We recently spoke with a Broadcom employee household with a ~$10M portfolio facing significant tax complexity.
Despite having Real Estate Professional Status (REPS), cost-segregated rental properties, and strong income, there were still meaningful after-tax inefficiencies driven by concentrated stock exposure, RSU taxation, and uncoordinated planning across the balance sheet.
In our discussions, we outlined a framework that could address these issues in a more integrated way:
1. Portfolio-based financing
Rather than relying on traditional bank lending, we discussed using portfolio-based financing (such as box spreads) as a way to create liquidity at competitive rates while avoiding underwriting constraints and integrating interest expense into the broader tax strategy.

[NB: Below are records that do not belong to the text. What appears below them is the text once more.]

(* TJ_k(H) is isomorphic to the graph (V, e): there is a bijection f from V
   onto the set of k-cliques of H such that x ~ y iff |f x ∩ f y| = k - 1. *)
Definition TJ_iso (V : finType) (e : rel V) (T : finType) (H : rel T) (k : nat) : Prop :=
  exists f : V -> {set T},
    injective f /\
    (forall A : {set T}, is_kclique H k A <-> exists x : V, f x = A) /\
    (forall x y : V, e x y = (#|f x :&: f y| == k.-1)).

Definition KTJ (V : finType) (e : rel V) (k : nat) : Prop :=
  1 <= k /\ exists (T : finType) (H : rel T), simple_graph H /\ TJ_iso e H k.

Definition complete_rel (n : nat) : rel 'I_n := fun x y => x != y.
Definition path_rel (n : nat) : rel 'I_n :=
  fun x y => ((x : nat).+1 == y) || ((y : nat).+1 == x).
Definition cycle_rel (n : nat) : rel 'I_n :=
  fun x y => (((x : nat).+1 %% n) == y) || (((y : nat).+1 %% n) == x).
Definition cbip_rel (m n : nat) : rel ('I_m + 'I_n)%type :=
  fun x y => match x, y with
             | inl _, inr _ => true
             | inr _, inl _ => true
             | _, _ => false
             end.
(* Book graph B_p on 'I_(p+2): spine edge {0,1}, apexes 2..p+1 each adjacent to 0 and 1 *)
Definition book_rel (p : nat) : rel 'I_(p.+2) :=
  fun x y => (x != y) && (((x : nat) < 2) || ((y : nat) < 2)).
(* Friendship graph F_p on 'I_(2p+1): center 0; triangles {0, 2i+1, 2i+2} *)
Definition friend_rel (p : nat) : rel 'I_(p.*2.+1) :=
  fun x y => (x != y) &&
    [|| (x : nat) == 0, (y : nat) == 0 | ((x : nat).-1)./2 == ((y : nat).-1)./2].

Arguments complete_rel n : clear implicits.
Arguments path_rel n : clear implicits.
Arguments cycle_rel n : clear implicits.
Arguments cbip_rel m n : clear implicits.
Arguments book_rel p : clear implicits.
Arguments friend_rel p : clear implicits.

From mathcomp Require Import all_boot zify.
Set Implicit Arguments. Unset Strict Implicit. Unset Printing Implicit Defensive.

(* Adjacent vertices share exactly [k-1]
   tokens, so a neighbour [y] of [x] misses exactly one token of [f x], and
   independent neighbours miss distinct ones: an independent set inside a
   neighbourhood has at most [k] vertices.  Common neighbours of a non-edge
   [x x'] all contain the [(k-2)]-set [f x :&: f x'] and a token of the 2-set
   [f x :\: f x']; common neighbours of an edge [x x'] either contain
   [f x :&: f x'] or lie in the [(k+1)]-set [f x :|: f x'].  Two common
   neighbours making the same choice are adjacent, which excludes induced
   [K_{2,3}] and [B_3].  In [B_2] with [k >= 3], an apex not containing
   [f x :&: f x'] makes [f x :|: f x'] a [(k+1)]-clique of [H], whose
   [k]-subsets give a fifth vertex.
   Conversely, joining [K_c] to a host with no clique larger than [j] lifts a
   representation at level [j] to level [j + c]; representations at the least
   level come from singletons (complete graphs), line graphs (paths, cycles,
   and the paw for [B_2]) and a cone construction (stars, friendship graphs). *)

Definition is_clique (T : finType) (H : rel T) (A : {set T}) : bool :=
  [forall x in A, forall y in A, (x != y) ==> H x y].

2. Tax-aware diversification of concentrated stock
We explored how a tax-aware long/short SMA could be used to systematically harvest losses and facilitate diversification out of a concentrated AVGO position over time, with the goal of minimizing tax friction.
3. Ordinary income mitigation
Because RSUs are taxed as ordinary income, we discussed pairing capital-loss strategies with tax-aware hedge fund exposure that can realize ordinary deductions and improve overall after-tax outcomes.
4. AI exposure beyond public equities
Instead of further concentrating risk in AI-adjacent public stocks, we reviewed ways private-market AI infrastructure investments could potentially provide broader exposure and more attractive entry points.
This type of tax-aware, institutional-style planning focuses on coordinating liquidity, diversification, and tax strategy — rather than solving each problem in isolation.